EXERCISE INSTRUCTIONS
The entries below hold a line with "E : rel V (loopless: irreflexive;" and a line with "Definition is_dcycle (x". Return those lines and all that lie between them, exactly and only.

[Saved entries]
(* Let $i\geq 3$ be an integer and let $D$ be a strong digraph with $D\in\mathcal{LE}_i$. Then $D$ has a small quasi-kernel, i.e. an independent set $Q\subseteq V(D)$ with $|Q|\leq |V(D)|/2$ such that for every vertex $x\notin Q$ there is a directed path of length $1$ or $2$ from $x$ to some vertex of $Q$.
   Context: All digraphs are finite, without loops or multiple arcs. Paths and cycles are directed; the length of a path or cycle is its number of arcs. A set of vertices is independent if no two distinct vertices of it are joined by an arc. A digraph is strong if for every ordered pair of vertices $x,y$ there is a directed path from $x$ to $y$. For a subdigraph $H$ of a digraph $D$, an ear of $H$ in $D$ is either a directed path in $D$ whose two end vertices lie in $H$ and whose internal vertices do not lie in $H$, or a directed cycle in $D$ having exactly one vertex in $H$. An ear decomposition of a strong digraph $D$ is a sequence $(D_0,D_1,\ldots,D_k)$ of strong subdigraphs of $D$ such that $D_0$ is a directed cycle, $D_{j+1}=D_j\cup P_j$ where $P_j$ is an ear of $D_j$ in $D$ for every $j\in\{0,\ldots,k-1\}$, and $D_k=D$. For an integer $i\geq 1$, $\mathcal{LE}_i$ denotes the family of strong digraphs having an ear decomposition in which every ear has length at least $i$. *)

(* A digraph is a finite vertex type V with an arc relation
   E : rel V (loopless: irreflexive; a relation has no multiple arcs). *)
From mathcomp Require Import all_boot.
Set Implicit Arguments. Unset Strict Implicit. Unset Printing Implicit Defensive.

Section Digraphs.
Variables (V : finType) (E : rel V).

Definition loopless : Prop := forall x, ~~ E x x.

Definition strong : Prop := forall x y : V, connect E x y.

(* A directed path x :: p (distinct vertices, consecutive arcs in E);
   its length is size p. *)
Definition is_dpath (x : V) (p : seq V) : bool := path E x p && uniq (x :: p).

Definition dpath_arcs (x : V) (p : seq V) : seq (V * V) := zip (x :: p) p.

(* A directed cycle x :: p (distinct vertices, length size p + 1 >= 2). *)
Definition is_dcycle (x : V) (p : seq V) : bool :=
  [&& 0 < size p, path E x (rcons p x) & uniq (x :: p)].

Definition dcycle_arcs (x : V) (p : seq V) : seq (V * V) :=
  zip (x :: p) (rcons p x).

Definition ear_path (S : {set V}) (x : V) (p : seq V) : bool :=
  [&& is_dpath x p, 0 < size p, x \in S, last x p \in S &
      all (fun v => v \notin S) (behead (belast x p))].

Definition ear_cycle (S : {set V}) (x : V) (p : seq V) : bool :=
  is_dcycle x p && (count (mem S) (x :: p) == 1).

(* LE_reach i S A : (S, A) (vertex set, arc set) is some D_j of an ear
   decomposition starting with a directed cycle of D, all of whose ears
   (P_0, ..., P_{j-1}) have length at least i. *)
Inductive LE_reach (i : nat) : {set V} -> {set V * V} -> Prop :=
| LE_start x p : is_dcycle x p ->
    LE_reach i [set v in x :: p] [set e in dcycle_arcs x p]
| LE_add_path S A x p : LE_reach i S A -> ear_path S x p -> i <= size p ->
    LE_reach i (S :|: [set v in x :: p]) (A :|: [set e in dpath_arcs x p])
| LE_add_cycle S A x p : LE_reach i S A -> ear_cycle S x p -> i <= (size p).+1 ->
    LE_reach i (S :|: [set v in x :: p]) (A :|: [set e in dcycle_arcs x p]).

---

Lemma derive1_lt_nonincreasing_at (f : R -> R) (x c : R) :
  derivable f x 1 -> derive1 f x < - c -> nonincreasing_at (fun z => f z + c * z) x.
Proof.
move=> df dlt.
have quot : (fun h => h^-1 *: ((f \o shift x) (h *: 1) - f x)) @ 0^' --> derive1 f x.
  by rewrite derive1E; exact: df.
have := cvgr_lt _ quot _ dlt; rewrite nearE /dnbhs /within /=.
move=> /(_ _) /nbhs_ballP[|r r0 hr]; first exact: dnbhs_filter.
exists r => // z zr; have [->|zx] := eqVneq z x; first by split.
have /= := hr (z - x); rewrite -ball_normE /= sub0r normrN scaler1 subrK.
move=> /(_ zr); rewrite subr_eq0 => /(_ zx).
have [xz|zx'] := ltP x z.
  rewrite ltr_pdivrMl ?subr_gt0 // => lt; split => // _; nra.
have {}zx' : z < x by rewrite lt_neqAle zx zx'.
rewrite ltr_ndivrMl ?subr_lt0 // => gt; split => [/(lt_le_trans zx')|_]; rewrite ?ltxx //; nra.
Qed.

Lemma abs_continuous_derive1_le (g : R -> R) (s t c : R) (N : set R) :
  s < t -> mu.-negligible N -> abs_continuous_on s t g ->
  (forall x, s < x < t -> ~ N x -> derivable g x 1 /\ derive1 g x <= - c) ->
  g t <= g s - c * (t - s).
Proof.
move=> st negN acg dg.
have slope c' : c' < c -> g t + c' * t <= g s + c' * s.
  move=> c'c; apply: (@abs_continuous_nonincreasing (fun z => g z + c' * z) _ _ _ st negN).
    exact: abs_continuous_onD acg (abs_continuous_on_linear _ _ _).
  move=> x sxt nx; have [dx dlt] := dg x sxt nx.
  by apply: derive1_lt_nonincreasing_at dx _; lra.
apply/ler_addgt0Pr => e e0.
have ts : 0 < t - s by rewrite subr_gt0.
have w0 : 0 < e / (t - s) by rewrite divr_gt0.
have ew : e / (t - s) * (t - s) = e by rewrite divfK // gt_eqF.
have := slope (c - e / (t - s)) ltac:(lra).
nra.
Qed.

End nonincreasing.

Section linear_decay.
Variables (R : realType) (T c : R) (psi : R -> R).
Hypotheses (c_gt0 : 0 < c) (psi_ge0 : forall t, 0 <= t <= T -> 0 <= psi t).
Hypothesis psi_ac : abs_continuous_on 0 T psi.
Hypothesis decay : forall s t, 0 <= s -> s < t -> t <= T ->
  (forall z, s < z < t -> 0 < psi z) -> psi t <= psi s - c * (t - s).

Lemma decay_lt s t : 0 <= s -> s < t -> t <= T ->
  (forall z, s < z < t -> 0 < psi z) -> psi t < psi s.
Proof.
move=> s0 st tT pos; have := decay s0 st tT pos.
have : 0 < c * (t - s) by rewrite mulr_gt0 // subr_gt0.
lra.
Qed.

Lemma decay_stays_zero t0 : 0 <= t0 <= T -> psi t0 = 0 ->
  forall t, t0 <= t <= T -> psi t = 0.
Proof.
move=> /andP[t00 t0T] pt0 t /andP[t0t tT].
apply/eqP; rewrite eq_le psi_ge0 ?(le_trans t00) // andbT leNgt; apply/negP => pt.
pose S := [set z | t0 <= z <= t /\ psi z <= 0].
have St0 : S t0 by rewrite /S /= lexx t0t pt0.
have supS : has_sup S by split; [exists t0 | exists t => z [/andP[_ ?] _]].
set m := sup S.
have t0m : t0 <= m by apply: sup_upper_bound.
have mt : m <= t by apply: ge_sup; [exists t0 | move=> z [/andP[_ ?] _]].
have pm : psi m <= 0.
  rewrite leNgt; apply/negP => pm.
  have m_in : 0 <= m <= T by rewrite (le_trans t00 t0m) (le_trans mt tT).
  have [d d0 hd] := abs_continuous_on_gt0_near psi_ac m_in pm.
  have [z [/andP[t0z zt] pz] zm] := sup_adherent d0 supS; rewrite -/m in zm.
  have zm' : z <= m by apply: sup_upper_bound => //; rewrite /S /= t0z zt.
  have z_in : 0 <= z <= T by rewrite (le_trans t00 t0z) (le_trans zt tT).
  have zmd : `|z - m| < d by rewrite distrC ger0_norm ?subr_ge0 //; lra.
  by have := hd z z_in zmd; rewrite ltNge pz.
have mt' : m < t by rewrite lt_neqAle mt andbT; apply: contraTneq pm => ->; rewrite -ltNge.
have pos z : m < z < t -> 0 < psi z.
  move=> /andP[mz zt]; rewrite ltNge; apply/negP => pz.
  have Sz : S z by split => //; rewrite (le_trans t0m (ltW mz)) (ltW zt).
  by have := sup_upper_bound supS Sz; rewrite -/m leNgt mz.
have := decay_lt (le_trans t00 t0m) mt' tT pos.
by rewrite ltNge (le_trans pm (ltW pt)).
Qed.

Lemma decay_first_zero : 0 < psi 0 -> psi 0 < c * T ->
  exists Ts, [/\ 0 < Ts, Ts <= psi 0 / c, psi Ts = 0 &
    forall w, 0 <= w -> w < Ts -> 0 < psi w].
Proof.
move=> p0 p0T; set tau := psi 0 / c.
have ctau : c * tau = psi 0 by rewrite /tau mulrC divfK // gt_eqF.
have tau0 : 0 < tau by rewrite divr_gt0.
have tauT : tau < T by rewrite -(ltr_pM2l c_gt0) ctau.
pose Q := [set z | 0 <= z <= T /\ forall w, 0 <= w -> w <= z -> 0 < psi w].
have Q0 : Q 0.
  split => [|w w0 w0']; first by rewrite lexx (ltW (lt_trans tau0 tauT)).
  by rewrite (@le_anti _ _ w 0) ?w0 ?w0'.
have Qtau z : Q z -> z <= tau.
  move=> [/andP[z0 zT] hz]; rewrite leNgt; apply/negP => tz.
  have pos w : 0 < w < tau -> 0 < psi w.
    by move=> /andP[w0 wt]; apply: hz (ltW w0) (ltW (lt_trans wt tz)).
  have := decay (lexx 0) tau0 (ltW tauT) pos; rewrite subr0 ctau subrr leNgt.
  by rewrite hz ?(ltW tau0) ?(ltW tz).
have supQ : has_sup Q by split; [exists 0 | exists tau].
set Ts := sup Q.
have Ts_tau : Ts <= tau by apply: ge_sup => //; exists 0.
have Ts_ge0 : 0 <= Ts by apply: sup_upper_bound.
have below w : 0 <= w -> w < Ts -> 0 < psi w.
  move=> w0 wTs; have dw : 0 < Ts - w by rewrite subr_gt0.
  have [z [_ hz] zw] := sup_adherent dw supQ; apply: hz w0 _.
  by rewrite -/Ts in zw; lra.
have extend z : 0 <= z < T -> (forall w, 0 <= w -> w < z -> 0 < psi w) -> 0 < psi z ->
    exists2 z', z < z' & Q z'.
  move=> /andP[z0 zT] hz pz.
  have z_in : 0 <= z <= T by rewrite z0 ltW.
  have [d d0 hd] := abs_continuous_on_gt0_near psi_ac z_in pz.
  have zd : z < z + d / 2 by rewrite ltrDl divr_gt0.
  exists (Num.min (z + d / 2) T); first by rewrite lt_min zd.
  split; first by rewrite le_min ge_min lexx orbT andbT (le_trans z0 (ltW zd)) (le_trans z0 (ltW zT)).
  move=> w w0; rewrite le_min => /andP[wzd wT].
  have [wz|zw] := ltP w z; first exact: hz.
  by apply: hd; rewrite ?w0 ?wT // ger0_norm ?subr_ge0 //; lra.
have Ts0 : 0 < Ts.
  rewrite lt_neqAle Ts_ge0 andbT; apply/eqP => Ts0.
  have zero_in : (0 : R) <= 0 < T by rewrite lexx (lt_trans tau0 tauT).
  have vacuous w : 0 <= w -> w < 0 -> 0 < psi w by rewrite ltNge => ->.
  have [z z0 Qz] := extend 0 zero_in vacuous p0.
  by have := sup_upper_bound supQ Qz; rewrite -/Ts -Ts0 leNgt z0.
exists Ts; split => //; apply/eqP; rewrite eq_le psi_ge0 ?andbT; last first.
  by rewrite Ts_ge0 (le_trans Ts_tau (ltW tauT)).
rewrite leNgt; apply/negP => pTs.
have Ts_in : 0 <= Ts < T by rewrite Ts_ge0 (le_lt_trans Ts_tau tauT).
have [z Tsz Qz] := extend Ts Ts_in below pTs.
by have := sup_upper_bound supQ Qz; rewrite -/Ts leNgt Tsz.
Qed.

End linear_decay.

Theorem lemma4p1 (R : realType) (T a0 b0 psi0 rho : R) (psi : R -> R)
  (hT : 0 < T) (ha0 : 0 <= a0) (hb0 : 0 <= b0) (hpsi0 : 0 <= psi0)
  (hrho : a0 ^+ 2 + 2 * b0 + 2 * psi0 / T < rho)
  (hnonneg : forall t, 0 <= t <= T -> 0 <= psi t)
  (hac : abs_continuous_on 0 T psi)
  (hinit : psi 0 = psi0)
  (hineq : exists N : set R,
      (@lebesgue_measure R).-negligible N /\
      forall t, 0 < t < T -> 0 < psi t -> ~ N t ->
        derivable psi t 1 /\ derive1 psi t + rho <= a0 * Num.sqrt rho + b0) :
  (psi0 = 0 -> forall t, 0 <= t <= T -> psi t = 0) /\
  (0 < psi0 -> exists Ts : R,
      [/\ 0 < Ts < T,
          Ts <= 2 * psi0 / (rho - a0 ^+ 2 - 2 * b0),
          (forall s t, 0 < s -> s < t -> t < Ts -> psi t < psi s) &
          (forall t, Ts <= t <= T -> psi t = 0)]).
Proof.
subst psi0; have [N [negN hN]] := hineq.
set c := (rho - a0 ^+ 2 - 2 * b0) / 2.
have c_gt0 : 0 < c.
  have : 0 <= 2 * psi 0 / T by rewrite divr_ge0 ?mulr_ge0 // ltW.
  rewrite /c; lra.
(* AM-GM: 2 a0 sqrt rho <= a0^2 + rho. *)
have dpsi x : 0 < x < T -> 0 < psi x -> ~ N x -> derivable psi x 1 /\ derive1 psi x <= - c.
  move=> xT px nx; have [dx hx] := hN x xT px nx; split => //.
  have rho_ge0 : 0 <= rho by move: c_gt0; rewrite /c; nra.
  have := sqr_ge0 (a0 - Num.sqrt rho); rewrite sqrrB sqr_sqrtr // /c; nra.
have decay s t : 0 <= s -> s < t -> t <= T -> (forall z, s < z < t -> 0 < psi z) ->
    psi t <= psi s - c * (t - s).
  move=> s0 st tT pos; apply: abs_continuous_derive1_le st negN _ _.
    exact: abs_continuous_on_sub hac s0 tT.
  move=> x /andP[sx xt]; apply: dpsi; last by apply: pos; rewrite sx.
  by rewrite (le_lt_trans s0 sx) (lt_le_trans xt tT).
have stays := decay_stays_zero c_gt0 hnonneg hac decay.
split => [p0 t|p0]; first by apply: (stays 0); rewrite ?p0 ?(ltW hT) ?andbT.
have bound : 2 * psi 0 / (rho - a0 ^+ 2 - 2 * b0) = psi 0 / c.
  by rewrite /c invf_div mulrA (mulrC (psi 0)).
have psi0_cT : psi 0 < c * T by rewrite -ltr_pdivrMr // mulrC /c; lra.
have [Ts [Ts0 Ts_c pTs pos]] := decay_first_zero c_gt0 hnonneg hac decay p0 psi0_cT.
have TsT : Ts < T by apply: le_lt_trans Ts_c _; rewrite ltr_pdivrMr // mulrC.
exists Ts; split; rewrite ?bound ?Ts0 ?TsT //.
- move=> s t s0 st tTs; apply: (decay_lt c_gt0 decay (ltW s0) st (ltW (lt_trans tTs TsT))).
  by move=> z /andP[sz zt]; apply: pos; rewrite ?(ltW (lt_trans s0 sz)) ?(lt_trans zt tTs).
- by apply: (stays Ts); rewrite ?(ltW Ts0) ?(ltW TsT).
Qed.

==

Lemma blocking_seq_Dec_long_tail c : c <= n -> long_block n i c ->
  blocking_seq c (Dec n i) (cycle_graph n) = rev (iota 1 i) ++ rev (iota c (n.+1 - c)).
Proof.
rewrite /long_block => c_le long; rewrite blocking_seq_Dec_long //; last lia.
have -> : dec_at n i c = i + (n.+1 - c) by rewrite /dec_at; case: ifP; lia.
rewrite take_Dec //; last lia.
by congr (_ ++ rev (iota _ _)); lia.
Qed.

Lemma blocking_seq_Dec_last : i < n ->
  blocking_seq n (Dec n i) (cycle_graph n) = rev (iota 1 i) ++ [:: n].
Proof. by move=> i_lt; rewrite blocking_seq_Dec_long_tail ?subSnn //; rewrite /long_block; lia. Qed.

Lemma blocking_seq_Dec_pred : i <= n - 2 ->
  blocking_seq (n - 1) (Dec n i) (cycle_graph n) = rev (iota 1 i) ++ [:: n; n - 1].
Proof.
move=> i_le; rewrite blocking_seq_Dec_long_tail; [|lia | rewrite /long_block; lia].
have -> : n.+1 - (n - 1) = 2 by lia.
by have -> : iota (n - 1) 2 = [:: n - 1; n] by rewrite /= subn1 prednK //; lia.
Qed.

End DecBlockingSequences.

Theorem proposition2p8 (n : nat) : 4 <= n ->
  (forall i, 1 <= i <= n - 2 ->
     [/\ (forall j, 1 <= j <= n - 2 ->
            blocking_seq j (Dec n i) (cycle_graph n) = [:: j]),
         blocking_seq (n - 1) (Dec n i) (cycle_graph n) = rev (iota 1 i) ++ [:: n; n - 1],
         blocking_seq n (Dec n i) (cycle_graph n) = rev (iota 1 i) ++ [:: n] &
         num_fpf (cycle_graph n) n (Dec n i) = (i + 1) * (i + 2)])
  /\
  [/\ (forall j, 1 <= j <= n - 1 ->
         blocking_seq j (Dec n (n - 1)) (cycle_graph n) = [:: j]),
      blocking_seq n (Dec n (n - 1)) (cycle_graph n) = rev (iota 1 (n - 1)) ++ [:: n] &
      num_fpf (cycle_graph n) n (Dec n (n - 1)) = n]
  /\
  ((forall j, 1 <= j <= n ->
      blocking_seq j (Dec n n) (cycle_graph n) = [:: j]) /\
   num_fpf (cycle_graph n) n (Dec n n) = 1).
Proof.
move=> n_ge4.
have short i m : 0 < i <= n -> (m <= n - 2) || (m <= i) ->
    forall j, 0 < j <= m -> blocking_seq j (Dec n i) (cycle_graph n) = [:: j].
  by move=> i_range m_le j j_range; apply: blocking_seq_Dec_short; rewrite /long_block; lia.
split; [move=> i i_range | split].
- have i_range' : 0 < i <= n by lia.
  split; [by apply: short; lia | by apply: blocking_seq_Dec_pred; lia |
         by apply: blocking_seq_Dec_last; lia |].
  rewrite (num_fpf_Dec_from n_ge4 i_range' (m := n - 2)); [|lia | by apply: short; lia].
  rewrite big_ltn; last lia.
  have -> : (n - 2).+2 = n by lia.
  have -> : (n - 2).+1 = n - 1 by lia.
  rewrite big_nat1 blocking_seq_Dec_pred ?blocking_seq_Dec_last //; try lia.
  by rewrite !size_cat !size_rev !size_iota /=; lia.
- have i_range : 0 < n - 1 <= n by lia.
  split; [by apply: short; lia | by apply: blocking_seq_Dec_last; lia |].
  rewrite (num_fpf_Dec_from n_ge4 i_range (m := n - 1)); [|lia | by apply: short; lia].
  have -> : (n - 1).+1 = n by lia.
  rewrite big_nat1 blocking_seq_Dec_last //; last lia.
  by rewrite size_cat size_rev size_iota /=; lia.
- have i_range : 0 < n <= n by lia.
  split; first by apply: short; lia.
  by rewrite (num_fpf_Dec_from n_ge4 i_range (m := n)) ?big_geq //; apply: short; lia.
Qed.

SOLVED EXERCISE
   E : rel V (loopless: irreflexive; a relation has no multiple arcs). *)
From mathcomp Require Import all_boot.
Set Implicit Arguments. Unset Strict Implicit. Unset Printing Implicit Defensive.

Section Digraphs.
Variables (V : finType) (E : rel V).

Definition loopless : Prop := forall x, ~~ E x x.

Definition strong : Prop := forall x y : V, connect E x y.

(* A directed path x :: p (distinct vertices, consecutive arcs in E);
   its length is size p. *)
Definition is_dpath (x : V) (p : seq V) : bool := path E x p && uniq (x :: p).

Definition dpath_arcs (x : V) (p : seq V) : seq (V * V) := zip (x :: p) p.

(* A directed cycle x :: p (distinct vertices, length size p + 1 >= 2). *)
Definition is_dcycle (x : V) (p : seq V) : bool :=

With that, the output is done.